**WORK INSTRUCTION**: Your task is to reproduce, exactly and only, the lines running from the line containing "Prop-valued predicates on" to the end of the data below, both included.

--- RECORDS PROVIDED ---

(* (1) Let $R\subseteq S$ be rings with $S$ a free left $R$-module on a basis $T_S$, let $\alpha$ be a ring automorphism of $S$ and $\delta$ an $\alpha$-derivation of $S$, and let $S[x;\alpha,\delta]$ be the Ore extension. Let $0\ne g\in S[x;\alpha,\delta]$ and $p=\operatorname{lc}_S(g)$. Suppose that $p$ is $R$-nice and $\operatorname{ann}_R(p)=\operatorname{ann}_R(g)$ (this holds in particular whenever $g$ is $R$-nice), and that $\operatorname{ann}_S(p)=S\operatorname{ann}_R(p)$. Then $\operatorname{ann}_{S[x;\alpha,\delta]}(g)=S[x;\alpha,\delta]\operatorname{ann}_R(g)$. (2) Let $\mathbb S=R[X;\boldsymbol\alpha,\boldsymbol\delta]$ be a skew polynomial ring of bijective type over a well-ordered set of variables. Then every $R$-nice element $g\in\mathbb S$ satisfies $\operatorname{ann}_{\mathbb S}(g)=\mathbb S\operatorname{ann}_R(g)$.
   Context: All annihilators are left annihilators: $\operatorname{ann}_B(u)=\{b\in B: bu=0\}$. Ore extension: $S[x;\alpha,\delta]$ is the free left $S$-module with basis $\{x^n:n\in\mathbb N\}$ and multiplication determined by $xs=\alpha(s)x+\delta(s)$, where $\delta(ab)=\alpha(a)\delta(b)+\delta(a)b$. Each $f\in S[x;\alpha,\delta]$ is uniquely $f=\sum_k p_kx^k$ with $p_k\in S$; $\deg_x(f)$ is the largest $k$ with $p_k\ne0$ and $\operatorname{lc}_S(f)=p_{\deg_x f}$. $S[x;\alpha,\delta]$ is a free left $R$-module with basis $\{\lambda x^n:\lambda\in T_S,n\in\mathbb N\}$. A non-zero element $f$ of a ring that is a free left $R$-module with a fixed basis is $R$-nice if, writing $f=\sum_i a_i\lambda_i$ with distinct basis elements $\lambda_i$ and non-zero $a_i\in R$, all the $\operatorname{ann}_R(a_i)$ coincide. Setting (M) for part (2): $R$ a ring, $\Omega$ an ordinal, $X=\{x_s:s<\Omega\}$; $T_\kappa$ the standard terms $x_{s_1}\cdots x_{s_n}$ with $s_1\le\cdots\le s_n<\kappa$, $T=T_\Omega$; $\mathbb S$ has subrings $\mathbb S_\kappa$ ($\kappa\le\Omega$) with $\mathbb S_0=R$, $\mathbb S_\Omega=\mathbb S$, $\mathbb S_\kappa$ free as left $R$-module on $T_\kappa$, $\mathbb S_{\kappa+1}=\mathbb S_\kappa[x_\kappa;\alpha_\kappa,\delta_\kappa]$ an Ore extension with $\alpha_\kappa$ an automorphism of $\mathbb S_\kappa$ and $\delta_\kappa$ an $\alpha_\kappa$-derivation, and $\mathbb S_\kappa=\bigcup_{\eta<\kappa}\mathbb S_\eta$ for limit $\kappa$; $R$-niceness in $\mathbb S$ refers to the basis $T$. *)

(* All rings live inside one ambient ring A; subrings are
   Prop-valued predicates on A (R ⊆ S ⊆ A identified with their images). *)
From HB Require Import structures.
From mathcomp Require Import all_boot all_order all_algebra.
Set Implicit Arguments. Unset Strict Implicit. Unset Printing Implicit Defensive.
Import Order.TTheory GRing.Theory.
Local Open Scope ring_scope.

---

**SOLUTION FOR THIS TASK**:
   Prop-valued predicates on A (R ⊆ S ⊆ A identified with their images). *)
From HB Require Import structures.
From mathcomp Require Import all_boot all_order all_algebra.
Set Implicit Arguments. Unset Strict Implicit. Unset Printing Implicit Defensive.
Import Order.TTheory GRing.Theory.
Local Open Scope ring_scope.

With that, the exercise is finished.